## ASSIGNED TASK
Beneath this instruction is a listing. Transcribe from it only the stretch from the line with "rewrite /genM entryD" through the line with "move: (neq_and_eq i pq) (neq_and_eq j pq).", both end lines included, exactly as written.

## SUPPLIED MATERIAL

Fixpoint kern_pow n (b c : G) : nat :=
  if n is n'.+1 then \sum_(d <- B) kern_pow n' b d * kern d c else b == c.

Definition kern_rowsum n b := \sum_(c <- B) kern_pow n b c.
Definition kern_total n := \sum_(b <- B) kern_rowsum n b.
Definition kern_trace n := \sum_(b <- B) kern_pow n b b.

Lemma kern_powS n b c : kern_pow n.+1 b c = \sum_(d <- B) kern_pow n b d * kern d c.
Proof. by []. Qed.

Lemma kern_sym d c : kern d c = kern c d.
Proof. by apply: eq_bigr => a _; rewrite mulnC. Qed.

Lemma kern_pow1 b c : kern_pow 1 b c = (b \in B) * kern b c.
Proof.
rewrite /= -(sum_pred1_uniq _ (kern^~ c)) ?fset_uniq //.
by apply: eq_bigr => d _; rewrite eq_sym.
Qed.

Lemma kern_pow_add m n b c : c \in B ->
  kern_pow (m + n) b c = \sum_(d <- B) kern_pow m b d * kern_pow n d c.
Proof.
elim: n c => [|n IH] c cB.
  rewrite addn0 /= (eq_bigr (fun d => (d == c) * kern_pow m b d)) => [|d _];
    last exact: mulnC.
  by rewrite sum_pred1_uniq ?fset_uniq // cB mul1n.
rewrite addnS kern_powS big_seq.
rewrite (eq_bigr (fun e => (\sum_(d <- B) kern_pow m b d * kern_pow n d e) * kern e c))
  => [|e eB]; last by rewrite IH.
rewrite -big_seq; under eq_bigr do rewrite big_distrl.
rewrite exchange_big; apply: eq_bigr => d _ /=.
by rewrite big_distrr; apply: eq_bigr => e _; rewrite /= mulnA.
Qed.

Lemma kern_pow_sym n b c : b \in B -> c \in B -> kern_pow n b c = kern_pow n c b.
Proof.
elim: n b c => [|n IH] b c bB cB; first by rewrite /= eq_sym.
rewrite -[in LHS]add1n kern_pow_add // kern_powS big_seq [RHS]big_seq.
by apply: eq_bigr => d dB; rewrite kern_pow1 bB mul1n IH // mulnC kern_sym.
Qed.

Lemma kern_total_double m : kern_total (m + m) = \sum_(b <- B) kern_rowsum m b ^ 2.
Proof.
transitivity (\sum_(c <- B) \sum_(c' <- B) \sum_(b <- B) kern_pow m b c * kern_pow m b c').
  rewrite /kern_total /kern_rowsum big_seq [RHS]big_seq.
  apply: eq_bigr => c cB; rewrite big_seq [RHS]big_seq; apply: eq_bigr => c' c'B.
  rewrite kern_pow_add // big_seq [RHS]big_seq.
  by apply: eq_bigr => b bB; rewrite [kern_pow m c b]kern_pow_sym.
under eq_bigr do rewrite exchange_big.
rewrite exchange_big; apply: eq_bigr => b _ /=.
by rewrite -mulnn big_distrl; apply: eq_bigr => c _; rewrite big_distrr.
Qed.

Lemma kern_total_sqr_leq m : kern_total m ^ 2 <= #|` B| * kern_total (m + m).
Proof. by rewrite kern_total_double sqr_sum_leq_card. Qed.

Lemma kern_total_leq_trace m : kern_total (m + m) <= #|` B| * kern_trace (m + m).
Proof.
rewrite kern_total_double /kern_trace big_distrr /= big_seq [leqRHS]big_seq.
apply: leq_sum => b bB; apply: leq_trans (sqr_sum_leq_card _ _) _.
rewrite leq_mul2l kern_pow_add // big_seq [leqRHS]big_seq; apply/orP; right.
by apply: eq_leq; apply: eq_bigr => c cB; rewrite [kern_pow m c b]kern_pow_sym // mulnn.
Qed.
Lemma commute_edge_conditions B : edge_supported B -> antisym B ->
  B *m adjA R D = adjA R D *m B ->
  divergence_free (edge_val B) /\ square_balanced (edge_val B).
Proof.
move=> sB aB comm.
have sums x z : \sum_k entry B x (flip z k) = \sum_k entry B (flip x k) z.
  by rewrite -entry_mul_adj -entry_adj_mul comm.
split=> [x | x p q pq]; last first.
  by have := sums x (flip (flip x p) q); case: (sum_flip2 x sB pq) => -> ->.
by apply/eqP; rewrite -eq_oppr_eq0 -sum_flip_antisym // -sums.
Qed.

Lemma A_like_edge_supported B : antisym B -> A_like B -> edge_supported B.
Proof.
move=> aB [_ sB] x y; have [<- _ | ] := eqVneq x y; last exact: sB.
by apply/eqP; rewrite -eq_oppr_eq0 -entry_antisym.
Qed.

End CommutationChar0.

Section Generators.
Variables (R : comNzRingType) (D : nat).
Implicit Types (x y : vert D) (i j k p : 'I_D) (B C : mxX R D).

Lemma sgb_flip x k t : sgb R (flip x k t) = if t == k then - sgb R (x t) else sgb R (x t).
Proof. by rewrite flipE /sgb; case: (t == k); case: (x t); rewrite ?opprK. Qed.

Lemma entry_genM i j x y : entry (genM R i j) x y =
  if adj x y then sgb R (x i) * sgb R (y j) - sgb R (x j) * sgb R (y i) else 0.
Proof.
rewrite /genM entryD entryN !entry_mul_alpha !entry_alpha_mul entry_adj.
by case: adj; rewrite ?mulr1 ?mulr0 ?mul0r ?subrr.
Qed.

Lemma edge_val_genM i j x k : edge_val (genM R i j) x k =
  sgb R (x i) * sgb R (flip x k j) - sgb R (x j) * sgb R (flip x k i).
Proof. by rewrite /edge_val entry_genM adj_flip. Qed.

Lemma genM_edge_supported i j : edge_supported (genM R i j).
Proof. by move=> x y /negPf nadj; rewrite entry_genM nadj. Qed.

Lemma genM_antisym i j : antisym (genM R i j).
Proof.
apply: entryP => x y; rewrite entry_tr entryN !entry_genM adjC.
by case: adj; rewrite ?oppr0 // opprB mulrC [sgb R (y j) * _]mulrC.
Qed.

Lemma genM_divergence_free i j : i != j -> divergence_free (edge_val (genM R i j)).
Proof.
move=> ij x; have ji : j != i by rewrite eq_sym.
rewrite (bigD1 i) // (bigD1 j) //= big1 ?addr0.
  by rewrite !edge_val_genM !sgb_flip !eqxx (negPf ij) (negPf ji); ring.
move=> k /andP [ki kj]; rewrite edge_val_genM !sgb_flip.
by rewrite [i == k]eq_sym [j == k]eq_sym (negPf ki) (negPf kj) mulrC subrr.
Qed.

Lemma genM_square_balanced i j : i != j -> square_balanced (edge_val (genM R i j)).
Proof.
move=> ij x p q pq; rewrite !edge_val_genM !sgb_flip.
move: (neq_and_eq p ij) (neq_and_eq q ij); rewrite ![p == _]eq_sym ![q == _]eq_sym.
move: (neq_and_eq i pq) (neq_and_eq j pq).
by case: (i == p); case: (i == q); case: (j == p); case: (j == q) => //= _ _ _ _; ring.
Qed.

Lemma genM_A_like i j : A_like (genM R i j).
Proof.
have [-> | ij] := eqVneq i j.
  by rewrite /genM subrr; apply: A_like0.
split=> [|x y _]; last exact: genM_edge_supported.
apply: edge_conditions_commute.
- exact: genM_edge_supported.
- exact: genM_antisym.
- exact: genM_divergence_free.
- exact: genM_square_balanced.
Qed.

Lemma antisym_A_like_scaleD a B C : antisym B -> A_like B -> antisym C -> A_like C ->
  antisym (a *: B + C) /\ A_like (a *: B + C).
Proof.
move=> aB [cB sB] aC [cC sC].
split; first by rewrite /antisym linearP /= aB aC scalerN opprD.
split; first by rewrite mulmxDl mulmxDr -scalemxAl -scalemxAr cB cC.
by move=> x y xy nadj; rewrite entryD entryZ sB ?sC ?mulr0 ?addr0.
Qed.
(* Let $I$ be a finite or infinite non-empty index set and let $\mathbb{K}$ be a positive commutative monoid such that the inner consistency property holds for $\mathbb{K}$-relations via a join operation $\bowtie_{\mathbb{K}}$. Then the inner consistency property holds for $\mathbb{K}^I_{\mathrm{fin}}$-relations via the component-wise join operation $\bowtie^I_{\mathbb{K}}$. Furthermore, if $\bowtie_{\mathbb{K}}$ produces $c$-sparse witnesses for some positive real $c$, then for $\mathbb{K}^I_{\mathrm{fin}}$-relations $R,S$ the witness $R\bowtie^I_{\mathbb{K}}S$ is $cd$-sparse, where $d$ is any bound on the number of non-zero components of the annotation of any tuple in the supports of $R$ or $S$. In particular, if $I$ is finite and the inner consistency property holds for $\mathbb{K}$-relations with sparse witnesses, then the inner consistency property holds for $\mathbb{K}^I$-relations with sparse witnesses.
   Context: Positive: $p+q=0\Rightarrow p=q=0$. $\mathbb{K}^I$: maps $I\to K$ with pointwise addition; $\mathbb{K}^I_{\mathrm{fin}}$: those with finitely many non-zero values. For a finite attribute set $X$ (attributes have domains), a $\mathbb{M}$-relation over $X$ is a map $R$ from $X$-tuples to the monoid's universe with finite support $R'=\{t:R(t)\ne0\}$; $t[Y]$ is restriction; marginals $R[Y](t)=\sum_{r\in R',r[Y]=t}R(r)$. $R(X),S(Y)$ are inner consistent if $R[X\cap Y]=S[X\cap Y]$; a $W$ over $X\cup Y$ witnesses their consistency if $W[X]=R$, $W[Y]=S$. A join operation assigns to each pair of inner consistent $\mathbb{K}$-relations $R(X),S(Y)$ a $\mathbb{K}$-relation $R\bowtie_{\mathbb{K}}S$ over $X\cup Y$; the inner consistency property holds via it if $R\bowtie_{\mathbb{K}}S$ always witnesses consistency of $R,S$. It produces $c$-sparse witnesses if moreover $|(R\bowtie_{\mathbb{K}}S)'|\le(|R'|+|S'|)c$ always. The inner consistency property holds with sparse witnesses if there is $c>0$ such that any two inner consistent relations have a witness $W$ with $|W'|\le(|R'|+|S'|)c$. Component-wise join: for inner consistent $\mathbb{K}^I_{\mathrm{fin}}$-relations $R(X),S(Y)$, take a fresh attribute $C$ with domain $I$, define $\mathbb{K}$-relations $R_0(X\cup\{C\})$, $S_0(Y\cup\{C\})$ by $R_0(r,i)=R(r)(i)$, $S_0(s,i)=S(s)(i)$, and let $(R\bowtie^I_{\mathbb{K}}S)(t)(i)=(R_0\bowtie_{\mathbb{K}}S_0)(t,i)$ for $X\cup Y$-tuples $t$ and $i\in I$. *)

From HB Require Import structures.
From mathcomp Require Import all_boot all_order all_algebra.
From mathcomp Require Import finmap.
From mathcomp Require Import boolp functions.
From Stdlib Require Import ClassicalEpsilon.
From Stdlib Require Import Reals.

Set Implicit Arguments.
Unset Strict Implicit.
Unset Printing Implicit Defensive.

Import GRing.Theory.
Local Open Scope fset_scope.
Local Open Scope ring_scope.

(* An attribute universe is a choiceType [A] together with a domain     *)
(* map [dom : A -> Type].  A schema is a finite set of attributes       *)

Section Tuples.
Variables (A : choiceType) (dom : A -> Type).

Definition tup (X : {fset A}) := forall a : X, dom (fsval a).

Definition restr (X Y : {fset A}) (H : Y `<=` X) (t : tup X) : tup Y :=
  fun a => t (fincl H a).

(* Extension of a Z0-tuple t by the value i (of a fresh attribute C with
   domain I, eC : dom C = I) to a tuple over a schema Z contained in C |` Z0. *)
Lemma ext_mem (Z0 Z : {fset A}) (C : A) (H : Z `<=` C |` Z0) (a : Z) :
  fsval a != C -> fsval a \in Z0.
Proof.
move=> ne; have := fsubsetP H _ (fsvalP a).
by rewrite in_fset1U (negbTE ne).
Qed.

Definition ext_tup (I : Type) (Z0 Z : {fset A}) (C : A) (eC : dom C = I)
    (H : Z `<=` C |` Z0) (t : tup Z0) (i : I) : tup Z :=
  fun a =>
    match fsval a =P C with
    | ReflectT e => eq_rect_r dom (eq_rect_r (fun T : Type => T) i eC) e
    | ReflectF ne => t [` ext_mem H (introN eqP ne)]
    end.

End Tuples.

Section Relations.
Variable (M : nmodType).

Definition enumerates (T : Type) (f : T -> M) (s : seq T) :=
  List.NoDup s /\ forall t, List.In t s <-> f t <> 0.

Definition finsupp (T : Type) (f : T -> M) := exists s : seq T, enumerates f s.

(* a chosen enumeration of the support (meaningful when finsupp f) *)
Definition supp_list (T : Type) (f : T -> M) : seq T :=
  epsilon (inhabits [::]) (enumerates f).
(* Let $K\ge 2$ be a power of two. $K$-way LCP-mergesort, as described in the context, sorts any set $\mathcal S$ of $n$ strings and computes its LCP array $H$ using fewer than $L(H) + n\lceil\log_K n\rceil\log_2 K + n + \lceil\frac{n-1}{K-1}\rceil$ character comparisons, and runs in $O(D+n\log n)$ time.
   Context: Strings are zero-terminated finite sequences over a totally ordered alphabet, ordered lexicographically; $\mathrm{lcp}(s,t)$ is the length of their longest common prefix. For a sorted sequence $s_1\le\dots\le s_n$ its LCP array is $H=(\bot,h_2,\dots,h_n)$, $h_i=\mathrm{lcp}(s_{i-1},s_i)$, and $L(H)=\sum_{i\ge 2}h_i$. The distinguishing prefix size $D$ is the sum over all $s\in\mathcal S$ of the length of the shortest prefix of $s$ that is not a prefix of any other string of $\mathcal S$ ($D\ge L(H)$). $K$-way LCP-merge is the procedure merging $K$ sorted sequences with LCP arrays via an LCP-aware tournament tree: $K$ calls of LCP-Compare to build the tree and $\log_2 K$ calls per output string to replay the leaf-to-root path of the previous winner, where LCP-Compare on $(a,s_a,h_a),(b,s_b,h_b)$ with $h_a=\mathrm{lcp}(p,s_a)$, $h_b=\mathrm{lcp}(p,s_b)$, $p\le s_a,s_b$ decides by the LCPs when $h_a\ne h_b$ (the string with larger LCP is smaller; resulting lcp is $\min(h_a,h_b)$) and otherwise compares characters from position $h_a+1$ on until a mismatch or terminator; it returns the smaller index with its LCP, and the larger index with $\mathrm{lcp}(s_a,s_b)$. Counting convention: each character comparison yielding equality counts one; the final mismatch test counts one; the LCP-only cases count zero. $K$-way LCP-mergesort: a set of size at most 1 is returned with trivial LCP array; otherwise the input is split into $K$ parts of nearly equal size (some possibly empty when $n<K$), each part is sorted recursively together with its LCP array, and the $K$ results are combined by one $K$-way LCP-merge (used at every level, including when $n<K$). *)

From HB Require Import structures.
From mathcomp Require Import all_boot all_order.
Set Implicit Arguments. Unset Strict Implicit. Unset Printing Implicit Defensive.
Import Order.TTheory.

Section LCPMergesort.
Context {d : Order.disp_t} {T : orderType d}.

(* Strings over the totally ordered alphabet T.  The zero terminator is
   implicit: it sits at position [size s] and is smaller than every character. *)
Definition str := seq T.

Definition str_le (x y : str) : bool := @Order.le _ (seqlexi T) x y.

Fixpoint lcp (s t : str) : nat :=
  match s, t with
  | x :: s', y :: t' => if x == y then (lcp s' t').+1 else 0
  | _, _ => 0
  end.
Lemma inQ_00 X : inQ X -> X 0 0 = 1.
Proof. by case=> _ []. Qed.

Lemma inQ_0v X i : inQ X -> X 0 (vidx i) = X (vidx i) (vidx i).
Proof. by case=> _ [] _ ->. Qed.

Lemma inQ_v0 X i : inQ X -> X (vidx i) 0 = X (vidx i) (vidx i).
Proof. by move=> QX; rewrite sym_entry ?inQ_0v //; apply: inQ_sym. Qed.

Lemma bform_e0B X a b :
  bform (ebas R 0 - ebas R a) (ebas R 0 - ebas R b) X = X 0 0 - X 0 b - X a 0 + X a b.
Proof. by rewrite bformBl !bformBr !bform_ebas; ring. Qed.

Lemma inQ_bform_e0B X i :
  inQ X -> bform (ebas R 0 - ebas R (vidx i)) (ebas R 0 - ebas R (vidx i)) X
           = 1 - X (vidx i) (vidx i).
Proof. by move=> QX; rewrite bform_e0B inQ_00 // inQ_0v // inQ_v0 //; ring. Qed.

Lemma inQ_diag_ge0 X i : inQ X -> 0 <= X (vidx i) (vidx i).
Proof. by move=> /inQ_psd[_ X_psd]; rewrite -bform_ebas X_psd. Qed.

Lemma inQ_diag_le1 X i : inQ X -> X (vidx i) (vidx i) <= 1.
Proof.
move=> QX; have [_ X_psd] := inQ_psd QX.
by rewrite -subr_ge0 -inQ_bform_e0B ?X_psd.
Qed.

Lemma inQ_diag0_row X i : inQ X -> X (vidx i) (vidx i) = 0 ->
  forall b, X (vidx i) b = 0.
Proof.
move=> QX Xii0 b; rewrite -bform_ebas (bformC _ _ (inQ_sym QX)).
apply: psd_isotropic_ker; [exact: inQ_psd | by rewrite bform_ebas].
Qed.

Lemma inQ_diag1_row X i : inQ X -> X (vidx i) (vidx i) = 1 ->
  forall b, X (vidx i) b = X 0 b.
Proof.
move=> QX Xii1 b; apply/eqP; rewrite eq_sym -subr_eq0; apply/eqP.
rewrite -!bform_ebas -bformBl (bformC _ _ (inQ_sym QX)).
apply: psd_isotropic_ker; [exact: inQ_psd | by rewrite inQ_bform_e0B // Xii1 subrr].
Qed.

End Q.

Section Incidence.
Variable R : realType.
Variable n : nat.
Notation MX := 'M[R]_(n.+1).
Local Notation incv S := (lifted_incidence R S).
Implicit Types (X : MX) (S : {set 'I_n}) (i : 'I_n) (a b : 'I_n.+1).

Definition incmx S : MX := incv S *m (incv S)^T.

Lemma incv_0 S : incv S 0 0 = 1.
Proof. by rewrite mxE unlift_none. Qed.

Lemma incv_v S i : incv S (vidx i) 0 = (i \in S)%:R.
Proof. by rewrite mxE /vidx liftK. Qed.

Lemma incv_bool S a : incv S a 0 = 0 \/ incv S a 0 = 1.
Proof.
case: (unliftP 0 a) => [i ->|->]; last by rewrite incv_0; right.
by rewrite -/(vidx i) incv_v; case: (i \in S); [right | left].
Qed.

Lemma incmx_entry S a b : incmx S a b = incv S a 0 * incv S b 0.
Proof. by rewrite /incmx !mxE big_ord1 !mxE. Qed.

Lemma incmx_inQ S : inQ (incmx S).
Proof.
split; [split | split].
- by rewrite /Defs.symmetric trmx_mul trmxK.
- by move=> x; rewrite -/(bform _ _ _) bform_outer -expr2 sqr_ge0.
- by rewrite incmx_entry incv_0 mulr1.
- move=> i; rewrite !incmx_entry incv_0 mul1r.
  by case: (incv_bool S (vidx i)) => ->; rewrite ?mulr0 ?mulr1.
Qed.

Lemma incmx_Chat c S : Chat c (incmx S).
Proof.
have QS := incmx_inQ S.
case: c => //=; split=> // i j.
  rewrite !incmx_entry.
  by case: (incv_bool S (vidx i)) => ->; case: (incv_bool S (vidx j)) => ->;
     rewrite ?mulr0 ?mulr1.
move=> _; rewrite -/(bform _ _ _) bform_e0B !incmx_entry incv_0.
by case: (incv_bool S (vidx i)) => ->; case: (incv_bool S (vidx j)) => ->;
   rewrite ?mulr0 ?mulr1 ?mul0r ?mul1r; lra.
Qed.

Lemma incmx_rank S : \rank (incmx S) = 1%N.
Proof.
apply/eqP; rewrite eqn_leq (leq_trans (mxrankM_maxl _ _) (rank_leq_col _)) /=.
rewrite lt0n mxrank_eq0; apply/eqP => /matrixP /(_ 0 0).
by rewrite incmx_entry incv_0 mxE mul1r; apply/eqP; rewrite oner_eq0.
Qed.

Lemma inQ_bool_diag_incmx X : inQ X ->
  (forall i, X (vidx i) (vidx i) = 0 \/ X (vidx i) (vidx i) = 1) ->
  X = incmx [set i | X (vidx i) (vidx i) == 1].
Proof.
move=> QX Xbool; set S := [set i | _].
have incvS i : incv S (vidx i) 0 = X (vidx i) (vidx i).
  rewrite incv_v inE; case: (Xbool i) => ->; last by rewrite eqxx.
  by rewrite eq_sym oner_eq0.
have row0 b : X 0 b = incv S b 0.
  case: (unliftP 0 b) => [j ->|->]; last by rewrite incv_0 inQ_00.
  by rewrite -/(vidx j) incvS inQ_0v.
apply/matrixP => a b; rewrite incmx_entry.
case: (unliftP 0 a) => [i ->|->]; last by rewrite incv_0 mul1r row0.
rewrite -/(vidx i) incvS; case: (Xbool i) => Xii; rewrite Xii.
  by rewrite mul0r (inQ_diag0_row QX Xii).
by rewrite mul1r (inQ_diag1_row QX Xii) row0.
Qed.

Lemma rank1_inQ_bool_diag X : inQ X -> \rank X = 1%N ->
  forall i, X (vidx i) (vidx i) = 0 \/ X (vidx i) (vidx i) = 1.
Proof.
move=> QX rkX i.
have := mulmx_base X; move: (col_base X) (row_base X); rewrite rkX => c r cr.
have minor0 : X (vidx i) (vidx i) * X 0 0 = X (vidx i) 0 * X 0 (vidx i).
  by rewrite -cr !mxE !big_ord1; ring.
move: minor0; rewrite inQ_00 // inQ_0v // inQ_v0 // => /eqP.
rewrite mulr1 -subr_eq0 -{1}(mulr1 (X _ _)) -mulrBr mulf_eq0 subr_eq0.
by case/orP=> /eqP Xii; [left | right; rewrite -Xii].
Qed.

End Incidence.

Section Span.
Variables (R : pzRingType) (V : lmodType R).
Implicit Types (N : V -> Prop) (M : V).

Definition span_of N M : Prop :=
  exists k (Cs : 'I_k -> V) (w : 'I_k -> R),
    (forall i, N (Cs i)) /\ M = \sum_(i < k) w i *: Cs i.

Lemma span_of0 N : span_of N 0.
Proof. by exists 0%N, (fun _ => 0), (fun _ => 0); split=> [[]//|]; rewrite big_ord0. Qed.

Lemma span_of_mem N M : N M -> span_of N M.
Proof.
by move=> NM; exists 1%N, (fun _ => M), (fun _ => 1); rewrite big_ord1 scale1r.
Qed.

Lemma span_ofD N M1 M2 : span_of N M1 -> span_of N M2 -> span_of N (M1 + M2).
Proof.
move=> [k1 [C1 [w1 [NC1 ->]]]] [k2 [C2 [w2 [NC2 ->]]]].
exists (k1 + k2)%N, (fun i => match split i with inl a => C1 a | inr b => C2 b end),
  (fun i => match split i with inl a => w1 a | inr b => w2 b end).
split; first by move=> i; case: (split i).
rewrite big_split_ord; congr (_ + _); apply: eq_bigr => i _.
  by rewrite (unsplitK (inl i : 'I_k1 + 'I_k2)).
by rewrite (unsplitK (inr i : 'I_k1 + 'I_k2)).
Qed.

## EXERCISE RESPONSE
rewrite /genM entryD entryN !entry_mul_alpha !entry_alpha_mul entry_adj.
by case: adj; rewrite ?mulr1 ?mulr0 ?mul0r ?subrr.
Qed.

Lemma edge_val_genM i j x k : edge_val (genM R i j) x k =
  sgb R (x i) * sgb R (flip x k j) - sgb R (x j) * sgb R (flip x k i).
Proof. by rewrite /edge_val entry_genM adj_flip. Qed.

Lemma genM_edge_supported i j : edge_supported (genM R i j).
Proof. by move=> x y /negPf nadj; rewrite entry_genM nadj. Qed.

Lemma genM_antisym i j : antisym (genM R i j).
Proof.
apply: entryP => x y; rewrite entry_tr entryN !entry_genM adjC.
by case: adj; rewrite ?oppr0 // opprB mulrC [sgb R (y j) * _]mulrC.
Qed.

Lemma genM_divergence_free i j : i != j -> divergence_free (edge_val (genM R i j)).
Proof.
move=> ij x; have ji : j != i by rewrite eq_sym.
rewrite (bigD1 i) // (bigD1 j) //= big1 ?addr0.
  by rewrite !edge_val_genM !sgb_flip !eqxx (negPf ij) (negPf ji); ring.
move=> k /andP [ki kj]; rewrite edge_val_genM !sgb_flip.
by rewrite [i == k]eq_sym [j == k]eq_sym (negPf ki) (negPf kj) mulrC subrr.
Qed.

Lemma genM_square_balanced i j : i != j -> square_balanced (edge_val (genM R i j)).
Proof.
move=> ij x p q pq; rewrite !edge_val_genM !sgb_flip.
move: (neq_and_eq p ij) (neq_and_eq q ij); rewrite ![p == _]eq_sym ![q == _]eq_sym.
move: (neq_and_eq i pq) (neq_and_eq j pq).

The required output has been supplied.